From HB Require Import structures.
From mathcomp Require Import all_boot all_order all_algebra.
From mathcomp Require Import all_classical all_reals.
From mathcomp Require Import ring lra.
Import Order.TTheory GRing.Theory Num.Theory.
Local Open Scope classical_set_scope.
Local Open Scope ring_scope.

(* Write |u|^2 = <u, u>.  The proof combines three facts about a real
   inner-product space:
   - the variational characterisation of the metric projection onto a convex
     set: if p = P_C(x) then <x - p, y - p> <= 0 for every y in C;
   - the one-round inequality: if x_{t+1}~ = P_C(x_t~ - eta g) and
     x_t = P_C(x_t~ - eta h), then for z in C
       eta <g, x_t - z> <= eta^2/2 |g - h|^2
                           + (|x_t~ - z|^2 - |x_{t+1}~ - z|^2)/2 - |x_t - x_t~|^2/2,
     a consequence of the two variational inequalities and |.|^2 >= 0;
   - a telescoping bound for moving comparators: as the z_t move, the sum of
     |x_t~ - z_t|^2 - |x_{t+1}~ - z_t|^2 is at most rho^2 + 2 rho sum |z_t - z_{t-1}|,
     using Cauchy-Schwarz to compare |p - z'|^2 and |p - z|^2.
   The subgradient inequality phi_t(x_t) - phi_t(z_t) <= <x_t*, x_t - z_t> turns
   the one-round inequality into a per-round regret bound, and summing it over
   t = 1..T with the telescoping bound gives the theorem. *)

Section InnerProductSpace.
Context {R : realType} {H : lmodType R} {ip : H -> H -> R}.
Hypothesis hip : inner_product ip.

Lemma ipC x y : ip x y = ip y x.
Proof. by case: hip. Qed.

Lemma ipDl x y z : ip (x + y) z = ip x z + ip y z.
Proof. by case: hip => _ lin _ _; have := lin 1 x y z; rewrite scale1r mul1r. Qed.

Lemma ip0l z : ip 0 z = 0.
Proof. by have := ipDl 0 0 z; rewrite addr0 => /eqP; rewrite -subr_eq subrr eq_sym => /eqP. Qed.

Lemma ipZl a x z : ip (a *: x) z = a * ip x z.
Proof. by case: hip => _ lin _ _; have := lin a x 0 z; rewrite addr0 ip0l addr0. Qed.

Lemma ipNl x z : ip (- x) z = - ip x z.
Proof. by rewrite -scaleN1r ipZl mulN1r. Qed.

Lemma ipDr x y z : ip z (x + y) = ip z x + ip z y.
Proof. by rewrite ipC ipDl !(ipC z). Qed.

Lemma ipZr a x z : ip z (a *: x) = a * ip z x.
Proof. by rewrite ipC ipZl ipC. Qed.

Lemma ipNr x z : ip z (- x) = - ip z x.
Proof. by rewrite ipC ipNl ipC. Qed.

(* Expand inner products of linear combinations into inner products of the
   atoms, and orient each pair <a, b>, <b, a> the same way, so that identities
   between them become ring identities. *)
Ltac ip_expand :=
  rewrite ?(ipDl, ipNl, ipZl, ipDr, ipNr, ipZr);
  repeat match goal with |- context [ip ?a ?b] =>
    match goal with |- context [ip b a] =>
      tryif constr_eq a b then fail else rewrite (ipC b a) end end.

Lemma ip_ge0 x : 0 <= ip x x.
Proof. by case: hip. Qed.

Lemma inorm_ge0 x : 0 <= inorm ip x.
Proof. exact: sqrtr_ge0. Qed.

Lemma inorm_sq x : inorm ip x ^+ 2 = ip x x.
Proof. by rewrite sqr_sqrtr // ip_ge0. Qed.

Lemma inorm_eq0 x : inorm ip x = 0 -> x = 0.
Proof.
case: hip => _ _ _ definite /eqP; rewrite sqrtr_eq0 => le0.
by apply: definite; apply/le_anti; rewrite le0 ip_ge0.
Qed.

(* Cauchy-Schwarz inequality: expand |b u - a v|^2 >= 0 with a = |u|, b = |v|. *)
Lemma cauchy_schwarz u v : ip u v <= inorm ip u * inorm ip v.
Proof.
set a := inorm ip u; set b := inorm ip v.
have [a0|a_neq0] := eqVneq a 0; first by rewrite (inorm_eq0 u a0) ip0l a0 mul0r.
have [b0|b_neq0] := eqVneq b 0; first by rewrite (inorm_eq0 v b0) ipC ip0l b0 mulr0.
have ab_gt0 : 0 < a * b by rewrite mulr_gt0 // lt_def ?a_neq0 ?b_neq0 ?inorm_ge0.
have := ip_ge0 (b *: u - a *: v); ip_expand; rewrite -!inorm_sq -/a -/b => sq_ge0.
have : a * b * (2 * ip u v) <= a * b * (2 * (a * b)) by nra.
by rewrite ler_pM2l // => h; lra.
Qed.

(* Otherwise moving
   from p towards y by the step l = c/(c + |y - p|^2) would get closer to x. *)
Lemma proj_variational {C x p y} :
  convex_set C -> is_proj ip C x p -> C y -> ip (x - p) (y - p) <= 0.
Proof.
move=> convC [Cp p_min] Cy.
set c := ip (x - p) (y - p); set d := ip (y - p) (y - p).
have d_ge0 : 0 <= d := ip_ge0 _.
rewrite leNgt; apply/negP => c_gt0.
set l := c / (c + d).
have cd_gt0 : 0 < c + d by lra.
have l_gt0 : 0 < l by rewrite divr_gt0.
have l_le1 : l <= 1 by rewrite ler_pdivrMr // mul1r; lra.
have Cq : C (l *: y + (1 - l) *: p) by apply: convC; rewrite ?(ltW l_gt0).
have := p_min _ Cq => dist_le.
have := ler_pM (inorm_ge0 _) (inorm_ge0 _) dist_le dist_le.
rewrite -!expr2 !inorm_sq.
have -> : ip (x - (l *: y + (1 - l) *: p)) (x - (l *: y + (1 - l) *: p)) =
          ip (x - p) (x - p) - 2 * l * c + l ^+ 2 * d.
  by rewrite /c /d; ip_expand; ring.
move=> sq_le.
have : l * (2 * c) <= l * (l * d) by lra.
rewrite ler_pM2l // => step_le.
have : (c + d) * (2 * c) <= (c + d) * (l * d) by rewrite ler_pM2l.
have -> : (c + d) * (l * d) = c * d by rewrite /l; field; lra.
nra.
Qed.

(* One round of the optimistic projection scheme: the new centre
   p' = P_C(p - eta g) and the played point x = P_C(p - eta h) satisfy, for
   every comparator z in C,
     eta <g, x - z> <= eta^2/2 |g - h|^2 + (|p - z|^2 - |p' - z|^2)/2 - |x - p|^2/2.
   It follows from the variational inequalities for p' (tested at z) and for x
   (tested at p'), together with |eta (g - h) - (x - p')|^2 >= 0. *)
Lemma projection_round {C} {eta : R} {p p' x z g h} :
  convex_set C -> 0 < eta ->
  is_proj ip C (p - eta *: g) p' -> is_proj ip C (p - eta *: h) x -> C z ->
  eta * ip g (x - z) <=
    eta ^+ 2 / 2 * inorm ip (g - h) ^+ 2
    + (inorm ip (p - z) ^+ 2 - inorm ip (p' - z) ^+ 2) / 2
    - inorm ip (x - p) ^+ 2 / 2.
Proof.
move=> convC eta_gt0 proj_p' proj_x Cz.
have var_p' := proj_variational convC proj_p' Cz.
have var_x := proj_variational convC proj_x proj_p'.1.
have sq_ge0 := ip_ge0 (eta *: (g - h) - (x - p')).
rewrite !inorm_sq; move: var_p' var_x sq_ge0; ip_expand => *.
nra.
Qed.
----
Requirement –
Please output every record exactly as it appears.

Solution for this exercise –
From HB Require Import structures.
From mathcomp Require Import all_boot all_order all_algebra.
From mathcomp Require Import all_classical all_reals.
From mathcomp Require Import ring lra.
Import Order.TTheory GRing.Theory Num.Theory.
Local Open Scope classical_set_scope.
Local Open Scope ring_scope.

(* Write |u|^2 = <u, u>.  The proof combines three facts about a real
   inner-product space:
   - the variational characterisation of the metric projection onto a convex
     set: if p = P_C(x) then <x - p, y - p> <= 0 for every y in C;
   - the one-round inequality: if x_{t+1}~ = P_C(x_t~ - eta g) and
     x_t = P_C(x_t~ - eta h), then for z in C
       eta <g, x_t - z> <= eta^2/2 |g - h|^2
                           + (|x_t~ - z|^2 - |x_{t+1}~ - z|^2)/2 - |x_t - x_t~|^2/2,
     a consequence of the two variational inequalities and |.|^2 >= 0;
   - a telescoping bound for moving comparators: as the z_t move, the sum of
     |x_t~ - z_t|^2 - |x_{t+1}~ - z_t|^2 is at most rho^2 + 2 rho sum |z_t - z_{t-1}|,
     using Cauchy-Schwarz to compare |p - z'|^2 and |p - z|^2.
   The subgradient inequality phi_t(x_t) - phi_t(z_t) <= <x_t*, x_t - z_t> turns
   the one-round inequality into a per-round regret bound, and summing it over
   t = 1..T with the telescoping bound gives the theorem. *)

Section InnerProductSpace.
Context {R : realType} {H : lmodType R} {ip : H -> H -> R}.
Hypothesis hip : inner_product ip.

Lemma ipC x y : ip x y = ip y x.
Proof. by case: hip. Qed.

Lemma ipDl x y z : ip (x + y) z = ip x z + ip y z.
Proof. by case: hip => _ lin _ _; have := lin 1 x y z; rewrite scale1r mul1r. Qed.

Lemma ip0l z : ip 0 z = 0.
Proof. by have := ipDl 0 0 z; rewrite addr0 => /eqP; rewrite -subr_eq subrr eq_sym => /eqP. Qed.

Lemma ipZl a x z : ip (a *: x) z = a * ip x z.
Proof. by case: hip => _ lin _ _; have := lin a x 0 z; rewrite addr0 ip0l addr0. Qed.

Lemma ipNl x z : ip (- x) z = - ip x z.
Proof. by rewrite -scaleN1r ipZl mulN1r. Qed.

Lemma ipDr x y z : ip z (x + y) = ip z x + ip z y.
Proof. by rewrite ipC ipDl !(ipC z). Qed.

Lemma ipZr a x z : ip z (a *: x) = a * ip z x.
Proof. by rewrite ipC ipZl ipC. Qed.

Lemma ipNr x z : ip z (- x) = - ip z x.
Proof. by rewrite ipC ipNl ipC. Qed.

(* Expand inner products of linear combinations into inner products of the
   atoms, and orient each pair <a, b>, <b, a> the same way, so that identities
   between them become ring identities. *)
Ltac ip_expand :=
  rewrite ?(ipDl, ipNl, ipZl, ipDr, ipNr, ipZr);
  repeat match goal with |- context [ip ?a ?b] =>
    match goal with |- context [ip b a] =>
      tryif constr_eq a b then fail else rewrite (ipC b a) end end.

Lemma ip_ge0 x : 0 <= ip x x.
Proof. by case: hip. Qed.

Lemma inorm_ge0 x : 0 <= inorm ip x.
Proof. exact: sqrtr_ge0. Qed.

Lemma inorm_sq x : inorm ip x ^+ 2 = ip x x.
Proof. by rewrite sqr_sqrtr // ip_ge0. Qed.

Lemma inorm_eq0 x : inorm ip x = 0 -> x = 0.
Proof.
case: hip => _ _ _ definite /eqP; rewrite sqrtr_eq0 => le0.
by apply: definite; apply/le_anti; rewrite le0 ip_ge0.
Qed.

(* Cauchy-Schwarz inequality: expand |b u - a v|^2 >= 0 with a = |u|, b = |v|. *)
Lemma cauchy_schwarz u v : ip u v <= inorm ip u * inorm ip v.
Proof.
set a := inorm ip u; set b := inorm ip v.
have [a0|a_neq0] := eqVneq a 0; first by rewrite (inorm_eq0 u a0) ip0l a0 mul0r.
have [b0|b_neq0] := eqVneq b 0; first by rewrite (inorm_eq0 v b0) ipC ip0l b0 mulr0.
have ab_gt0 : 0 < a * b by rewrite mulr_gt0 // lt_def ?a_neq0 ?b_neq0 ?inorm_ge0.
have := ip_ge0 (b *: u - a *: v); ip_expand; rewrite -!inorm_sq -/a -/b => sq_ge0.
have : a * b * (2 * ip u v) <= a * b * (2 * (a * b)) by nra.
by rewrite ler_pM2l // => h; lra.
Qed.

(* Otherwise moving
   from p towards y by the step l = c/(c + |y - p|^2) would get closer to x. *)
Lemma proj_variational {C x p y} :
  convex_set C -> is_proj ip C x p -> C y -> ip (x - p) (y - p) <= 0.
Proof.
move=> convC [Cp p_min] Cy.
set c := ip (x - p) (y - p); set d := ip (y - p) (y - p).
have d_ge0 : 0 <= d := ip_ge0 _.
rewrite leNgt; apply/negP => c_gt0.
set l := c / (c + d).
have cd_gt0 : 0 < c + d by lra.
have l_gt0 : 0 < l by rewrite divr_gt0.
have l_le1 : l <= 1 by rewrite ler_pdivrMr // mul1r; lra.
have Cq : C (l *: y + (1 - l) *: p) by apply: convC; rewrite ?(ltW l_gt0).
have := p_min _ Cq => dist_le.
have := ler_pM (inorm_ge0 _) (inorm_ge0 _) dist_le dist_le.
rewrite -!expr2 !inorm_sq.
have -> : ip (x - (l *: y + (1 - l) *: p)) (x - (l *: y + (1 - l) *: p)) =
          ip (x - p) (x - p) - 2 * l * c + l ^+ 2 * d.
  by rewrite /c /d; ip_expand; ring.
move=> sq_le.
have : l * (2 * c) <= l * (l * d) by lra.
rewrite ler_pM2l // => step_le.
have : (c + d) * (2 * c) <= (c + d) * (l * d) by rewrite ler_pM2l.
have -> : (c + d) * (l * d) = c * d by rewrite /l; field; lra.
nra.
Qed.

(* One round of the optimistic projection scheme: the new centre
   p' = P_C(p - eta g) and the played point x = P_C(p - eta h) satisfy, for
   every comparator z in C,
     eta <g, x - z> <= eta^2/2 |g - h|^2 + (|p - z|^2 - |p' - z|^2)/2 - |x - p|^2/2.
   It follows from the variational inequalities for p' (tested at z) and for x
   (tested at p'), together with |eta (g - h) - (x - p')|^2 >= 0. *)
Lemma projection_round {C} {eta : R} {p p' x z g h} :
  convex_set C -> 0 < eta ->
  is_proj ip C (p - eta *: g) p' -> is_proj ip C (p - eta *: h) x -> C z ->
  eta * ip g (x - z) <=
    eta ^+ 2 / 2 * inorm ip (g - h) ^+ 2
    + (inorm ip (p - z) ^+ 2 - inorm ip (p' - z) ^+ 2) / 2
    - inorm ip (x - p) ^+ 2 / 2.
Proof.
move=> convC eta_gt0 proj_p' proj_x Cz.
have var_p' := proj_variational convC proj_p' Cz.
have var_x := proj_variational convC proj_x proj_p'.1.
have sq_ge0 := ip_ge0 (eta *: (g - h) - (x - p')).
rewrite !inorm_sq; move: var_p' var_x sq_ge0; ip_expand => *.
nra.
Qed.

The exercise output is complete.